Bundeskanzlerin Angela Merkel erhält in diesem Jahr die höchste hessische Auszeichnung, die Wilhelm-Leuschner-Medaille, die vor 50 Jahren vom damaligen Ministerpräsidenten Georg-August-Zinn im Gedenken an den Widerstandskämpfer Leuschner gestiftet wurde. Frau Merkel wird also im Jubiläumsjahr ausgezeichnet werden und man darf die nüchterne Frage stellen, warum?

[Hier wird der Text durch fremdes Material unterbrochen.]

Lemma perazzo_form_supp m : m \in msupp f -> mdeg m = d /\ (xdeg m <= 1)%N.
Proof.
rewrite /perazzo_form => /msuppD_le; rewrite mem_cat => /orP [|]; last first.
  case/msupp_embed_uv => mu mu_g ->.
  by rewrite mdeg_uvm -mdeg2 (dhomog_mf hg mu_g) xdeg_uvm.
case/msupp_sum_le/flattenP => s /mapP [j _ ->].
rewrite mulrC (perm_mem (msuppMX _ _)) => /mapP [m' /msupp_embed_uv [mu mu_p ->] ->].
rewrite -[(_ + _)%MM]/(xuvm j _ _) xdeg_xuvm mdeg_xuvm -mdeg2 (dhomog_mf (hp j) mu_p).
by split => //; lia.
Qed.

Lemma perazzo_deriv_supp (m nu : 'X_{1..n.+3}) : (mderivm m f)@_nu != 0 ->
  mdeg (m + nu)%MM = d /\ (xdeg (m + nu)%MM <= 1)%N.
Proof.
rewrite mcoeff_mderivm => h; apply: perazzo_form_supp.
by rewrite mcoeff_msupp; apply: contraNneq h => ->; rewrite mul0rn.
Qed.

Lemma perazzo_deriv_eq0 (m : 'X_{1..n.+3}) : (1 < xdeg m)%N -> mderivm m f = 0.
Proof.
move=> hm; apply/mpolyP => nu; rewrite mcoeff0; apply/eqP; apply: contraTT hm.
by case/perazzo_deriv_supp => _; rewrite xdegD; lia.
Qed.

Lemma perazzo_deriv_span (m : 'X_{1..n.+3}) i : mdeg m = i -> xdeg m = 1%N ->
  mderivm m f = \sum_(k < (d - i).+1)
    (mderivm m f)@_(uvm n k (d - i - k)) *: 'X_[uvm n k (d - i - k)].
Proof.
move=> hm hx; apply/mpolyP => nu; rewrite raddf_sum /=.
under eq_bigr => k _ do rewrite mcoeffZ mcoeffX.
have [h0|hnz] := eqVneq ((mderivm m f)@_nu) 0.
  rewrite h0 big1 // => k _; case: eqP => [->|_]; first by rewrite h0 mul0r.
  by rewrite mulr0.
have [hmn hxn] := perazzo_deriv_supp hnz.
move: hmn hxn; rewrite mdegD xdegD hm hx => hmn hxn.
have nu_x0 : xdeg nu = 0%N by lia.
have nu_u : (nu (var_u n) < (d - i).+1)%N by move: hmn; rewrite mdeg_xdeg; lia.
have nuE : nu = uvm n (nu (var_u n)) (d - i - nu (var_u n)).
  by rewrite {1}(xdeg0P nu_x0); congr uvm; move: hmn; rewrite mdeg_xdeg; lia.
rewrite (bigD1 (Ordinal nu_u)) //= -nuE eqxx mulr1 big1 ?addr0 // => k nk.
case: eqP => [e|_]; last by rewrite mulr0.
by case/eqP: nk; apply: ord_inj => /=; rewrite -e uvm_u.
Qed.

End PerazzoSupport.

Section UpperBound.
Variables (K : fieldType) (n d : nat) (p : 'I_n.+1 -> {mpoly K[2]}) (g : {mpoly K[2]}).
Hypotheses (hp : forall j, p j \is (d.-1).-homog) (hg : g \is d.-homog).
Notation f := (perazzo_form p g).

Lemma perazzo_hvec_le i : (1 <= i <= d)%N ->
  (hvec f i <= minn ((n + 2) * i + 1) (d + 2))%N.
Proof.
case/andP => i_gt0 i_le_d; have d_gt0 : (0 < d)%N by lia.
apply: hvec_le => S [S_deg S_indep].
have deg_S m : m \in S -> mdeg (val m) = i by move/S_deg/eqP.
have xdeg_S m : m \in S -> (xdeg (val m) <= 1)%N.
  move=> mS; rewrite leqNgt; apply/negP => /(perazzo_deriv_eq0 hp hg d_gt0).
  by apply/eqP; exact: lin_indep_fam_neq0 S_indep mS.
pose B := [set m : 'X_{1..n.+3 < i.+1} | xdeg (val m) == 0%N].
have <- := cardsID B S.
have S0_le : (#|S :&: B| <= i.+1)%N.
  by apply: card_xdeg0_le => m; rewrite !inE => /andP [/deg_S ? /eqP].
have S1_deg m : m \in S :\: B -> mdeg (val m) = i /\ xdeg (val m) = 1%N.
  rewrite !inE => /andP [xm mS]; split; first exact: deg_S.
  by move: (xdeg_S m mS) xm; case: (xdeg _) => [|[|]].
have S1_le : (#|S :\: B| <= n.+1 * i)%N by exact: card_xdeg1_le.
have S1_le_span : (#|S :\: B| <= (d - i).+1)%N.
  apply: (lin_indep_fam_card_span (F := fun m => mderivm (val m) f)
    (w := fun k : 'I_(d - i).+1 => 'X_[uvm n k (d - i - k)])).
    move=> m /S1_deg [hm hx].
    exact: (perazzo_deriv_span hp hg d_gt0 hm hx).
  by apply: lin_indep_fam_subset S_indep; apply: subsetDl.
have -> : ((n + 2) * i + 1 = n.+1 * i + i.+1)%N by rewrite mulnDl mulSn; lia.
move: S0_le S1_le S1_le_span; set a := #|S :&: B|; set b := #|S :\: B|.
by rewrite leq_min; lia.
Qed.

End UpperBound.

Lemma mcoeff_mderivm_eq0 (K : fieldType) (N : nat) (charK0 : [pchar K] =i pred0)
    (m nu : 'X_{1..N}) (q : {mpoly K[N]}) :
  ((mderivm m q)@_nu == 0) = (q@_(m + nu) == 0).
Proof.
rewrite mcoeff_mderivm -mulr_natr mulf_eq0 (pcharf0P _).1 // eqn0Ngt.
suff -> : (0 < \prod_(k < N) ((m + nu)%MM k)^_(m k))%N by rewrite orbF.
by rewrite prodn_gt0 // => k; rewrite ffact_gt0 mnmDE leq_addr.
Qed.

Definition mnm2 (a b : nat) : 'X_{1..2} := (U_(ord0) *+ a + U_(ord_max) *+ b)%MM.

Lemma mnm2_0 a b : mnm2 a b ord0 = a.
Proof. by rewrite /mnm2 mnmDE !mulmnE !mnm1E /=; lia. Qed.
Lemma mnm2_1 a b : mnm2 a b ord_max = b.
Proof. by rewrite /mnm2 mnmDE !mulmnE !mnm1E /=; lia. Qed.

Section MonomialPerazzo.
Variables (K : fieldType) (n d : nat) (e : nat -> nat).
Hypothesis e_le : forall j, (j <= n)%N -> (e j <= d.-1)%N.
Hypothesis e_mono : forall j j', (j < j' <= n)%N -> (e j < e j')%N.

Definition mono_p (j : 'I_n.+1) : {mpoly K[2]} := 'X_[mnm2 (e j) (d.-1 - e j)].

Lemma mono_p_homog j : mono_p j \is (d.-1).-homog.
Proof.
rewrite /mono_p dhomogX; apply/eqP; change (mdeg (mnm2 (e j) (d.-1 - e j)) = d.-1).
by rewrite mdeg2 mnm2_0 mnm2_1; have := e_le (ltn_ord j); lia.
Qed.

Lemma mono_exp_inj (j j' : 'I_n.+1) : e j = e j' -> j = j'.
Proof.
move=> h; apply: ord_inj; have := ltn_ord j; have := ltn_ord j'; rewrite !ltnS => hj' hj.
case: (ltngtP j j') => // lt.
  by have := e_mono (j := j) (j' := j'); rewrite lt hj' h ltnn => /(_ isT).
by have := e_mono (j := j') (j' := j); rewrite lt hj h ltnn => /(_ isT).
Qed.

Lemma mono_p_lin_indep : lin_indep_fam predT mono_p.
Proof.
move=> c hc j _.
have := congr1 (mcoeff (mnm2 (e j) (d.-1 - e j))) hc.
rewrite raddf_sum /= (bigD1 j) //= big1 ?addr0.
  by rewrite mcoeffZ mcoeffX eqxx mulr1 mcoeff0.
move=> k nkj; rewrite mcoeffZ mcoeffX; case: eqP => [|_]; last by rewrite mulr0.
move/(congr1 (fun m : 'X_{1..2} => m ord0)); rewrite !mnm2_0 => /mono_exp_inj ekj.
by rewrite ekj eqxx in nkj.
Qed.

Über die Verleihung entscheidet einzig und allein der Hessische Ministerpräsident. Volker Bouffier übt jedoch nicht nur dieses Amt aus, sondern ist zugleich stellvertretender Bundesvorsitzender der CDU, während die Preisträgerin nicht nur Kanzlerin, sondern auch CDU-Bundesvorsitzende ist. Es fehlt in der Hessischen Staatskanzlei offensichtlich an Fingerspitzengefühl, darin ein Problem zu sehen.
Die Leuschner-Medaille haben viele ehemalige Politikerinnen und Politiker erhalten. Mithin Personen, deren Lebensleistung mit etwas Abstand zur aktiven Tätigkeit bewertet werden konnte. Dieser zeitliche Abstand zum politischen Tagesgeschäft sorgte immer für eine gewisse Überparteilichkeit der Auszeichnung und für gewisse Objektivität in der Bewertung. Bundeskanzlerin Merkel ist im Amt und gedenkt wohl auch, im Amt zu bleiben. Mit ihrer Wahl wird damit die Verleihung der Leuschner-Medaille erstmals ins Zwielicht parteipolitischer Überlegungen gezogen.
Das verantwortet allein Ministerpräsident Bouffier und wird dem Ansehen der Leuschner-Medaille nicht gerecht.
Die Leuschner-Medaille hat ihren Ursprung in dem Gedanken, Frauen und Männer zu ehren, die sich dem Erbe des Widerstands gegen die Nazi-Diktatur verpflichtet fühlten. Diese Grundidee ist im Laufe der Jahrzehnte zunehmend verblasst. Aber nie soweit, dass allein die aktive Ausübung eines politischen Amtes die Auszeichnung rechtfertigt. In diesem Jahr soll aber genau das passieren. Die Kanzlerin erhält die Medaille, weil sie die Kanzlerin ist. Mehr Begründung braucht der Ministerpräsident nicht, auch wenn er pro forma von Verdiensten um die Deutsche Einheit spricht.
Zugrunde liegt dem Vorgang ein Staatsverständnis, dem in Hinblick auf die Trennung von Staat und Partei die Maßstäbe abhanden gekommen sind. Die CDU sieht sich in Hessen als die Staatspartei und im Bund auch. Der Vorgang passt ins Bild einer CDU, die reihenweise ihre Parteifreunde in den Ministerbüros mit Ausnahmegenehmigungen befördert und die vom Steuerzahler finanzierten Landesvertretungen in Berlin und Brüssel als parteipolitische Bühne missbraucht.
Und es deutet sich ja schon an, dass auch das traditionell überparteilich wahrgenommene Amt des Bundesratspräsidenten nach dem turnusgemäßen Wechsel nach Hessen den hessischen Ministerpräsidenten besonders schmücken soll. Die Feiern zum 25-jährigen Bestehen der deutschen Einheit sollten doch ein Freudenfest werden, keine eitle Selbstbespiegelung politischer Akteure, auch nicht des Bundesratspräsidenten. Aber schon der Auftakt zum Jubiläumsjahr, den die Verleihung der Leuschner-Medaille darstellt, zeigt: Es geht nicht ums Land, es geht in Wahrheit auch nicht um Frau Merkel, es geht um Volker Bouffier, der sich im Lichte geliehener Prominenz sonnen will.